• [Problem to solve]: Report each line of the material below where the word "divff" can be found.

• [Records for processing]:

-*-

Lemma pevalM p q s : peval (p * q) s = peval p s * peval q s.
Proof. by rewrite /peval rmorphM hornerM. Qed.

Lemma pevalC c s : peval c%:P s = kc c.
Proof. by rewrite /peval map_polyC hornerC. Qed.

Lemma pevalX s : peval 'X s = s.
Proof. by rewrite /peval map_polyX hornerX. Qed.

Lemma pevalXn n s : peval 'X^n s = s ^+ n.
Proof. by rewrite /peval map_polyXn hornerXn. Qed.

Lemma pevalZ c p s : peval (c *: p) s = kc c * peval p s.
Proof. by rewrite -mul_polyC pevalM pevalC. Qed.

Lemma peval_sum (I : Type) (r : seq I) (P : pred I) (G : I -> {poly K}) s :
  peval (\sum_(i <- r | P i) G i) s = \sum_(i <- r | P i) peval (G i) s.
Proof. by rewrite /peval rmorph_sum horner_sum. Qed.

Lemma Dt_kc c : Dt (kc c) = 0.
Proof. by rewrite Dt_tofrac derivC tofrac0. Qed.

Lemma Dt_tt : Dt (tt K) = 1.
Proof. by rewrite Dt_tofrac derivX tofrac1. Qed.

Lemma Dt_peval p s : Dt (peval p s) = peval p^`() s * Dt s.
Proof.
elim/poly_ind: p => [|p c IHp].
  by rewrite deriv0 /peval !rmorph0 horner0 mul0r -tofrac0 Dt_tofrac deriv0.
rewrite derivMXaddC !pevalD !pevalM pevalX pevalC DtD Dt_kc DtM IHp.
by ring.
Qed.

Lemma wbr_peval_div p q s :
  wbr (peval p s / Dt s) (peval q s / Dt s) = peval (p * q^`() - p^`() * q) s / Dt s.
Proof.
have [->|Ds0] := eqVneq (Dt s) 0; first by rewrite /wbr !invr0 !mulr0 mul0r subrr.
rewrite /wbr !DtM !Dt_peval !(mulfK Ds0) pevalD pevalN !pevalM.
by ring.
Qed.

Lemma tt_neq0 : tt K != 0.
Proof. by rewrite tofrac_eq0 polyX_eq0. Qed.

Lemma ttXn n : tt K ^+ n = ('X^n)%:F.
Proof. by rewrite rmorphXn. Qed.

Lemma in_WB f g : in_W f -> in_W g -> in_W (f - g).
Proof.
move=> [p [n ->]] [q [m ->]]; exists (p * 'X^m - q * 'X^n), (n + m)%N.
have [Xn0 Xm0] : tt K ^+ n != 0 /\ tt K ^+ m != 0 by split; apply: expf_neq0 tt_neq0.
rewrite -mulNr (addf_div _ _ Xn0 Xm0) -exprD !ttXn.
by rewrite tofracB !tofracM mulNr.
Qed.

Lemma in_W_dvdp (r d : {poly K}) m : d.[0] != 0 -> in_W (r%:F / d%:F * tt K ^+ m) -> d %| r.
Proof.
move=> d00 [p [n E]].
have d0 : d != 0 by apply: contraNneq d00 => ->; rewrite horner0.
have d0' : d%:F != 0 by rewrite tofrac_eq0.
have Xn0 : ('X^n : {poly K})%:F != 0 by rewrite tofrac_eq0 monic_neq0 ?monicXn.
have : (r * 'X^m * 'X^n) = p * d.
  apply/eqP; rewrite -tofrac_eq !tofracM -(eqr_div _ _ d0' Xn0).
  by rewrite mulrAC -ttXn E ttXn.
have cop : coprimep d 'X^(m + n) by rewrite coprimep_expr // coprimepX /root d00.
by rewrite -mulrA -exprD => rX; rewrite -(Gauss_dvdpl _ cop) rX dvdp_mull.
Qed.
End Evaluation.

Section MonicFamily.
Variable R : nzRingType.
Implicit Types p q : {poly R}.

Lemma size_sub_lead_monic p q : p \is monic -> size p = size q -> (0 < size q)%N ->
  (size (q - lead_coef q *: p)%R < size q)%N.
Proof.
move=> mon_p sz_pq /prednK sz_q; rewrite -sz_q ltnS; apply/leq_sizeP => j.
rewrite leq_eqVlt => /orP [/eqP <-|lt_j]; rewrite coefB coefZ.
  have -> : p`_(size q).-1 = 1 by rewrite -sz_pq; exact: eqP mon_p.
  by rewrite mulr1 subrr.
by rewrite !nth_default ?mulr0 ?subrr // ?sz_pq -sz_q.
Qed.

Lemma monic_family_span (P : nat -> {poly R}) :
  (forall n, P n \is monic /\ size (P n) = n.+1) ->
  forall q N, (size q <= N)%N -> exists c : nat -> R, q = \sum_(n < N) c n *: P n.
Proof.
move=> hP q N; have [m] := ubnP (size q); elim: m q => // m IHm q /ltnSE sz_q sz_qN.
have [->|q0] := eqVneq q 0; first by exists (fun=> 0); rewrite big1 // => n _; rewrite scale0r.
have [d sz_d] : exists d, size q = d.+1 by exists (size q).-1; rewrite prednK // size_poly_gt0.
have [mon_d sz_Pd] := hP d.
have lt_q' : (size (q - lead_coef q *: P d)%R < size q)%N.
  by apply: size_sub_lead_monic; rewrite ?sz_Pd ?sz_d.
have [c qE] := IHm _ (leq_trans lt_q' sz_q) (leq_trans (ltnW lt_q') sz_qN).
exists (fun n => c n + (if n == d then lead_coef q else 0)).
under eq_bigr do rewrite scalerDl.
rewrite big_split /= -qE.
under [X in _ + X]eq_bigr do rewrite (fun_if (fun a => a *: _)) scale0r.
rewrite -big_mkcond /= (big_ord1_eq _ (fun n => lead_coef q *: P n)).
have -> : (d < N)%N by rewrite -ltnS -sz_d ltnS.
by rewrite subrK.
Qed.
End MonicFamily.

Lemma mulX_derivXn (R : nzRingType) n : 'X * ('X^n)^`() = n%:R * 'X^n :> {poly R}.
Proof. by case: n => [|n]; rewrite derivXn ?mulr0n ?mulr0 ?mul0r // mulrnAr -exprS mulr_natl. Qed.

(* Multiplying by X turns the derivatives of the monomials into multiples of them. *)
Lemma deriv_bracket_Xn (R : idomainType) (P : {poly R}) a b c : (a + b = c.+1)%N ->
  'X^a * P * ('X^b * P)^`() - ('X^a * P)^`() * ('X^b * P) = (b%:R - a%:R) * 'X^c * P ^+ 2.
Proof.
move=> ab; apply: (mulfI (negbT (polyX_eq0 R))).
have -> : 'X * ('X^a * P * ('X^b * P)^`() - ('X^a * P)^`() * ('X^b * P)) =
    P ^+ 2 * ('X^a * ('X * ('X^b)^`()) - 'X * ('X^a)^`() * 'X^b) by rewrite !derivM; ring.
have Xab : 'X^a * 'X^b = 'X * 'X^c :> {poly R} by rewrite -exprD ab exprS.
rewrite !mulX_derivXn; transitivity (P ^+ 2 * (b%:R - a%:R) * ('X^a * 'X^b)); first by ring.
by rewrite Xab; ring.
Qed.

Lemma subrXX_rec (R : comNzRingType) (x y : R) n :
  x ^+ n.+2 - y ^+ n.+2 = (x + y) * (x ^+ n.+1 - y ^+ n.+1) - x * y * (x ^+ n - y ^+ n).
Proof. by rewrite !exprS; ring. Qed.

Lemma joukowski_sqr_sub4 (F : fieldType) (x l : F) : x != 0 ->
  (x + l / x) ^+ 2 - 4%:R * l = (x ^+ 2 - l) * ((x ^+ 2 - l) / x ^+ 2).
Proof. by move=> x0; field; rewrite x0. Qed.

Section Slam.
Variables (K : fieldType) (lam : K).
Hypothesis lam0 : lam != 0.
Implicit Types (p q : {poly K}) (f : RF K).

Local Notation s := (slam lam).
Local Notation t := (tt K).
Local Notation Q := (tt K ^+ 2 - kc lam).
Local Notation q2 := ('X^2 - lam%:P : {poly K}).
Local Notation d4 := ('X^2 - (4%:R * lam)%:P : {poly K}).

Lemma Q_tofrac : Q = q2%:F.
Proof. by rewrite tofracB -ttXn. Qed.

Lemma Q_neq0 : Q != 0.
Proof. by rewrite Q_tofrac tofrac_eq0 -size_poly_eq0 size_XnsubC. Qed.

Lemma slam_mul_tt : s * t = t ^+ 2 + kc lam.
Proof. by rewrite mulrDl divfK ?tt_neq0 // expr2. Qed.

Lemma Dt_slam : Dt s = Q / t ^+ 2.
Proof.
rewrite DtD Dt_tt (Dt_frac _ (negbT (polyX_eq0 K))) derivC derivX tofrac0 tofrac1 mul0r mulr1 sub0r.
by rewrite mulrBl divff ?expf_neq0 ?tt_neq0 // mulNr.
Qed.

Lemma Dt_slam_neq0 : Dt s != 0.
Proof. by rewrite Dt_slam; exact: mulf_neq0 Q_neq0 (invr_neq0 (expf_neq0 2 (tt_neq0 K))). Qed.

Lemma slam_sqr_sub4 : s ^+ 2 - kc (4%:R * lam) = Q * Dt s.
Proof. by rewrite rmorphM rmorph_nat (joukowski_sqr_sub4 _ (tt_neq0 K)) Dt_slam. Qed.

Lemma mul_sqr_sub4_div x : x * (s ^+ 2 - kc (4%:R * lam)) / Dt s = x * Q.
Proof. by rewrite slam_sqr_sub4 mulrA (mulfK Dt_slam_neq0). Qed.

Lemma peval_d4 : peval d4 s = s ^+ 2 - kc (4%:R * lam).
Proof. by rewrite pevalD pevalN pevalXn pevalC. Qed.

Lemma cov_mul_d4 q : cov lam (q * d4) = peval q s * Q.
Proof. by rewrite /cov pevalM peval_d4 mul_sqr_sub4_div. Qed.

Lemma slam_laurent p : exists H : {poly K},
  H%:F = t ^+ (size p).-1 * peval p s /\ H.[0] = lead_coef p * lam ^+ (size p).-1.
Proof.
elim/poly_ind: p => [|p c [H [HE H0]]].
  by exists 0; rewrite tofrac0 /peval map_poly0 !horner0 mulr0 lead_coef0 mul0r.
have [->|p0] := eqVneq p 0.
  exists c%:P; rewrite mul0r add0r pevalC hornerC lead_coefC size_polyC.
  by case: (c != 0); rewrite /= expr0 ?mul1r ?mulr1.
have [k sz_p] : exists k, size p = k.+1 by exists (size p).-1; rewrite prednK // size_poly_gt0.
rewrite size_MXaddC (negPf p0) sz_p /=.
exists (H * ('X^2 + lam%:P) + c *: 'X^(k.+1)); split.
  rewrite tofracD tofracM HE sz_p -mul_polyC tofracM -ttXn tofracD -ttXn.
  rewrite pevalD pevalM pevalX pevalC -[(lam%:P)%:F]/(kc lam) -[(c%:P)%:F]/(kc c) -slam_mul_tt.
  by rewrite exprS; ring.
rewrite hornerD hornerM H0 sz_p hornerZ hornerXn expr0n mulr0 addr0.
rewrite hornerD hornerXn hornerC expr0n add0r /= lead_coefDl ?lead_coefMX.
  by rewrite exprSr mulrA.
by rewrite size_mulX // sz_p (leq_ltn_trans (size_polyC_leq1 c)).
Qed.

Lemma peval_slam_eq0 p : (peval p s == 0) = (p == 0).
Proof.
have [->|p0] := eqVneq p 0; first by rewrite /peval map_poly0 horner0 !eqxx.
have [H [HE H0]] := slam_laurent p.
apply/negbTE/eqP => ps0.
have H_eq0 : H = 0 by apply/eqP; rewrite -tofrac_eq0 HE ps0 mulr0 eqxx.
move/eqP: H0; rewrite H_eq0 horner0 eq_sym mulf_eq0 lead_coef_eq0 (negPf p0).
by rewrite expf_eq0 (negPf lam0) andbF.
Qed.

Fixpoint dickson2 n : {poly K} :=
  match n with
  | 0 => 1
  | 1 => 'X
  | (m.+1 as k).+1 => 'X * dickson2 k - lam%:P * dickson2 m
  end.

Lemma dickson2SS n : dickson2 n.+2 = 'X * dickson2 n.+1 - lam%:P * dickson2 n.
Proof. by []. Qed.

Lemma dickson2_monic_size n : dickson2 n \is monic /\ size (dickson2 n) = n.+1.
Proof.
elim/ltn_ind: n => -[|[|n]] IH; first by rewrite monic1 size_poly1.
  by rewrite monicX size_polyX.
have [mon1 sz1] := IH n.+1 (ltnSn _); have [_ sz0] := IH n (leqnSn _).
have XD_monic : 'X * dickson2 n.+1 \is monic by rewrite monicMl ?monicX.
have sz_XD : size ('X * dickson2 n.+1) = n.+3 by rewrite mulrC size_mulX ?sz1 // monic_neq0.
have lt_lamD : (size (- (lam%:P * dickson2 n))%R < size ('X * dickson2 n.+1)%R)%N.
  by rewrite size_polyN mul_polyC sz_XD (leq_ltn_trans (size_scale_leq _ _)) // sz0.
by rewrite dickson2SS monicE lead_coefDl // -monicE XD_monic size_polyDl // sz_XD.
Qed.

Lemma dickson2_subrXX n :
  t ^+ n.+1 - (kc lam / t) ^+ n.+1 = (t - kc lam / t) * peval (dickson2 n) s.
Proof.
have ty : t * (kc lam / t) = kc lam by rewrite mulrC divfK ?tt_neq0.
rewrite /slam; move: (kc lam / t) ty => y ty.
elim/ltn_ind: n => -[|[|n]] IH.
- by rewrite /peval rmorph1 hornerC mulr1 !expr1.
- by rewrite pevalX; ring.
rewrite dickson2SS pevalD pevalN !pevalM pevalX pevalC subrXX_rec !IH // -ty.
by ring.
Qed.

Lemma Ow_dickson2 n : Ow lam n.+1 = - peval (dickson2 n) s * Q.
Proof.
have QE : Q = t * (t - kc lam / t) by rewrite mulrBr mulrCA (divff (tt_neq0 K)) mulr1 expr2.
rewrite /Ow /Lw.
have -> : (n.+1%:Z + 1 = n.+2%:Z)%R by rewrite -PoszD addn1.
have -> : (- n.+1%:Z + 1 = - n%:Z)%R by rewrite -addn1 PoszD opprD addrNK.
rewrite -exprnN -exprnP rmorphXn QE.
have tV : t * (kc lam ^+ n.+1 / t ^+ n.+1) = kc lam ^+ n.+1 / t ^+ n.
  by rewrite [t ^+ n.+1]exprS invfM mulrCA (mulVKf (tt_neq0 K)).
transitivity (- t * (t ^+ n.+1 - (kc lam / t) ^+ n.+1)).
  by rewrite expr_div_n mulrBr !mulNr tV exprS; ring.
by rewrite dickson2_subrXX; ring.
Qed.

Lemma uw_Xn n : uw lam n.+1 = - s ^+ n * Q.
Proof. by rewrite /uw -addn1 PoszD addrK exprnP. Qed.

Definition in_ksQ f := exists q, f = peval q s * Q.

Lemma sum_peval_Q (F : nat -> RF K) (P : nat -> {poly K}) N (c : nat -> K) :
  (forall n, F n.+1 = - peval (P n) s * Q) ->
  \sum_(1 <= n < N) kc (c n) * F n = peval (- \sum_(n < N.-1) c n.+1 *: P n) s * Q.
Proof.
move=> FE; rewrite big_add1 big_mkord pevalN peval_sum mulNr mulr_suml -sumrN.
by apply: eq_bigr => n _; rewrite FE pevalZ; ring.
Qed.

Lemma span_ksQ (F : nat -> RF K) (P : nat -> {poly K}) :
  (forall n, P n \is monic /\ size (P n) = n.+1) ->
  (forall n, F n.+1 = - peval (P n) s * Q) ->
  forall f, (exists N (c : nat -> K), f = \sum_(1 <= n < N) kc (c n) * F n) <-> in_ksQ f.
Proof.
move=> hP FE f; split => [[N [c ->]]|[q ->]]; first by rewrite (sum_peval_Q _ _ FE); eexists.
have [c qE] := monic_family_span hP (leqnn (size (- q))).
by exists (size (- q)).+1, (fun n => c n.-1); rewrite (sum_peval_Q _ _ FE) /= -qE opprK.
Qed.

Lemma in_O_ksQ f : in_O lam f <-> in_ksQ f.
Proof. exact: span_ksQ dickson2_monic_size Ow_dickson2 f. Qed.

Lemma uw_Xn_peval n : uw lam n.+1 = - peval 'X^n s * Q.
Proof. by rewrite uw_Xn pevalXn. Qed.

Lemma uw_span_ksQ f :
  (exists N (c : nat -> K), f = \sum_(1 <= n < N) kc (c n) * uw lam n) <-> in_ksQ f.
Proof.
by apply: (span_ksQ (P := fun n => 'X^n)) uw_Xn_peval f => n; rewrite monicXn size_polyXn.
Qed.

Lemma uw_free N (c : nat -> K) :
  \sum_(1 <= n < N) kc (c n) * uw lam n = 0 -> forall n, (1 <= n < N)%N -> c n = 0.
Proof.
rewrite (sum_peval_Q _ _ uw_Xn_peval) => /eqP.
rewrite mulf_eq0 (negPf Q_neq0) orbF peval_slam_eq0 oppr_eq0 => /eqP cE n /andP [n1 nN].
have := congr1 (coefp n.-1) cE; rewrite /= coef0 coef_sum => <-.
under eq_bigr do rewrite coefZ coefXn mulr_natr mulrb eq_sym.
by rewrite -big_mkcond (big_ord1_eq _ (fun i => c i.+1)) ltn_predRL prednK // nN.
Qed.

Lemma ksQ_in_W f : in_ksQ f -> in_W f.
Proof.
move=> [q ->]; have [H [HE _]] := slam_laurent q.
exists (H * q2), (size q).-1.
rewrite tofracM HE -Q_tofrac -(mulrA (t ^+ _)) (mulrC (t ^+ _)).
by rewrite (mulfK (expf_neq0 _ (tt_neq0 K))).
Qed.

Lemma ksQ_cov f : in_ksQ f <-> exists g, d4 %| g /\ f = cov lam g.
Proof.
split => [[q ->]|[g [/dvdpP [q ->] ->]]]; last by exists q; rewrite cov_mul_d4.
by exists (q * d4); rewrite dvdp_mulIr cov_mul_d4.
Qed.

-*-

• [Reply]:
by rewrite mulrBl divff ?expf_neq0 ?tt_neq0 // mulNr.
have QE : Q = t * (t - kc lam / t) by rewrite mulrBr mulrCA (divff (tt_neq0 K)) mulr1 expr2.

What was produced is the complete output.